● **What you are asked to do**
Repeat exactly, and only, the lines below starting at the line that contains "by rewrite [L" and ending at the line that contains "inverse of it, [lsq_adj", inclusive of both.
━━━ Dataset excerpts ━━━
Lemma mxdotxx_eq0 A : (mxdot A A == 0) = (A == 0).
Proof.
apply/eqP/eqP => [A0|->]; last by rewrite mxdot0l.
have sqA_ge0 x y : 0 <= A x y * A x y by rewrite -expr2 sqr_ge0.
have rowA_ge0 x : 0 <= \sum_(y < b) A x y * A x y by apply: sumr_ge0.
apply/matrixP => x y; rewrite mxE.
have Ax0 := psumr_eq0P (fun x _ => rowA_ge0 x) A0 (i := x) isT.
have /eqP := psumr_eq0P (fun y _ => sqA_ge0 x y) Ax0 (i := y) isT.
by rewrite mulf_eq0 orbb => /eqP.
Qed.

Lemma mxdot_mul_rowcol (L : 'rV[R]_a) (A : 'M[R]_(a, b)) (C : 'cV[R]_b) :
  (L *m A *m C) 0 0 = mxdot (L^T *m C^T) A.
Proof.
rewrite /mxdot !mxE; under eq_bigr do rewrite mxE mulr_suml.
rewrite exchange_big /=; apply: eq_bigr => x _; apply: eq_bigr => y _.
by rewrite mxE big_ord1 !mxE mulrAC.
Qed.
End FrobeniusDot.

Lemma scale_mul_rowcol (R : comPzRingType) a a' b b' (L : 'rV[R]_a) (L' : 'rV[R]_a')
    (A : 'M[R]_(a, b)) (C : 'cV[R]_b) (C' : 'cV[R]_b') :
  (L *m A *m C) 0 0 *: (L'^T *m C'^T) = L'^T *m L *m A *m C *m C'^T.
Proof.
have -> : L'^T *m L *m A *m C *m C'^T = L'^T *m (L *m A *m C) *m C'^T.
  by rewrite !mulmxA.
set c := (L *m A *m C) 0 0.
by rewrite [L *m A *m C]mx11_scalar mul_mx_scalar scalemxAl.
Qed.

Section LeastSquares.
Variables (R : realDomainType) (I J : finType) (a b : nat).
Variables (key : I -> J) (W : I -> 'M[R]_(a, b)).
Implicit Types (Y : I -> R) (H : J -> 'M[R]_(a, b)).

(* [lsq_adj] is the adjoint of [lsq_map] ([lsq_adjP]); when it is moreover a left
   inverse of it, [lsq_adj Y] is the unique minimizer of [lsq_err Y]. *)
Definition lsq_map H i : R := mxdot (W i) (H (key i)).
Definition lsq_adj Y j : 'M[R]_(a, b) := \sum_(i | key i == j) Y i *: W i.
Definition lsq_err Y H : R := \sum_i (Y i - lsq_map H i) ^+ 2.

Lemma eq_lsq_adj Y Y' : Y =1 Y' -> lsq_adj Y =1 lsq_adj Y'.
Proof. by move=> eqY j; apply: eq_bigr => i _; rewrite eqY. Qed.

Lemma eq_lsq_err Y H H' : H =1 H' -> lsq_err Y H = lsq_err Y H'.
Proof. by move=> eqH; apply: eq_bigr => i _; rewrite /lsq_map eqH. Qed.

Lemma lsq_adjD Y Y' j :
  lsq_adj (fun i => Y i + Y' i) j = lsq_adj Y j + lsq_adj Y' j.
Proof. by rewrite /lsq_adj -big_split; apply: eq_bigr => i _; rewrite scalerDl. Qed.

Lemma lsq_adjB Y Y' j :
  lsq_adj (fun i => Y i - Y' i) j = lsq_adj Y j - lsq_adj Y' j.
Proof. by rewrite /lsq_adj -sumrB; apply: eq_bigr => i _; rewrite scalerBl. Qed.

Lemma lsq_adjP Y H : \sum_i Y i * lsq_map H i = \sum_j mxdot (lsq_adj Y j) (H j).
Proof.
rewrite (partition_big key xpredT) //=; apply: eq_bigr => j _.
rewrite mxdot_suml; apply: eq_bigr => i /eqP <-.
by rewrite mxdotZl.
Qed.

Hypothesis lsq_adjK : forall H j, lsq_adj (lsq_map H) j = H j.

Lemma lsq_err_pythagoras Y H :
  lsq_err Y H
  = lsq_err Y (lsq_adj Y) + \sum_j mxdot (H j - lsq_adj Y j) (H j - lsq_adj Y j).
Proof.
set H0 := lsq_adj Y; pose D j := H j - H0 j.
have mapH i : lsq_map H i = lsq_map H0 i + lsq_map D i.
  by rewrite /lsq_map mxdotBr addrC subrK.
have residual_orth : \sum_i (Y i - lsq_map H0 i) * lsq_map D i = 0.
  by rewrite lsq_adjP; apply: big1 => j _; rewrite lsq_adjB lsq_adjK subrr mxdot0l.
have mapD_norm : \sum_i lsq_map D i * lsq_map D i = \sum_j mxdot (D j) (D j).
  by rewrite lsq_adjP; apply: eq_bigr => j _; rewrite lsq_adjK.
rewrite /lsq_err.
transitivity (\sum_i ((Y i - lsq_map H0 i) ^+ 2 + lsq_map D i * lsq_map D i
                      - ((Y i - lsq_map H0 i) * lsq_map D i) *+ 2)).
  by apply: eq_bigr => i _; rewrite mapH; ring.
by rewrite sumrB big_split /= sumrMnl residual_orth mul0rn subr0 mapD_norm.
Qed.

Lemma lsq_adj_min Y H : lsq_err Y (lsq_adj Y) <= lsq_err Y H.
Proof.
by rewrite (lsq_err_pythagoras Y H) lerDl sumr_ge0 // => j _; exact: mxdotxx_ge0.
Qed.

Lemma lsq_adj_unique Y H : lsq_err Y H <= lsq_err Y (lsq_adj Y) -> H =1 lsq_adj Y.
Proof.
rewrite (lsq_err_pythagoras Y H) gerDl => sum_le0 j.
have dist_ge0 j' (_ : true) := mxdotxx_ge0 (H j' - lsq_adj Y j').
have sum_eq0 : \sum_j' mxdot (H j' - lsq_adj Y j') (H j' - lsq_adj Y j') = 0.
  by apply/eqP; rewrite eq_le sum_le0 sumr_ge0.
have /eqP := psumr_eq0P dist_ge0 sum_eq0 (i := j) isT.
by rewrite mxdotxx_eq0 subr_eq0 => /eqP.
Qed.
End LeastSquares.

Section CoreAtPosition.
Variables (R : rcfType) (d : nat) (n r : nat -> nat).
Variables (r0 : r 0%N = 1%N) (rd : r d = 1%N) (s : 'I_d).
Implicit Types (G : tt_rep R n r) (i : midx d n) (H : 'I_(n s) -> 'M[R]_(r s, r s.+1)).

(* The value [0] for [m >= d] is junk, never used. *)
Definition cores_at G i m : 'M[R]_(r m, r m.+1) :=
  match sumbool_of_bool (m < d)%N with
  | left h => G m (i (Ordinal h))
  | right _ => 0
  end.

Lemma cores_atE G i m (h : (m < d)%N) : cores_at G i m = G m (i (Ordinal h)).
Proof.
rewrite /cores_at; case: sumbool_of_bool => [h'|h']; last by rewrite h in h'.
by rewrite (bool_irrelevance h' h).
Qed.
━━━
● **Solution to this problem**
by rewrite [L *m A *m C]mx11_scalar mul_mx_scalar scalemxAl.
Qed.

Section LeastSquares.
Variables (R : realDomainType) (I J : finType) (a b : nat).
Variables (key : I -> J) (W : I -> 'M[R]_(a, b)).
Implicit Types (Y : I -> R) (H : J -> 'M[R]_(a, b)).

(* [lsq_adj] is the adjoint of [lsq_map] ([lsq_adjP]); when it is moreover a left
   inverse of it, [lsq_adj Y] is the unique minimizer of [lsq_err Y]. *)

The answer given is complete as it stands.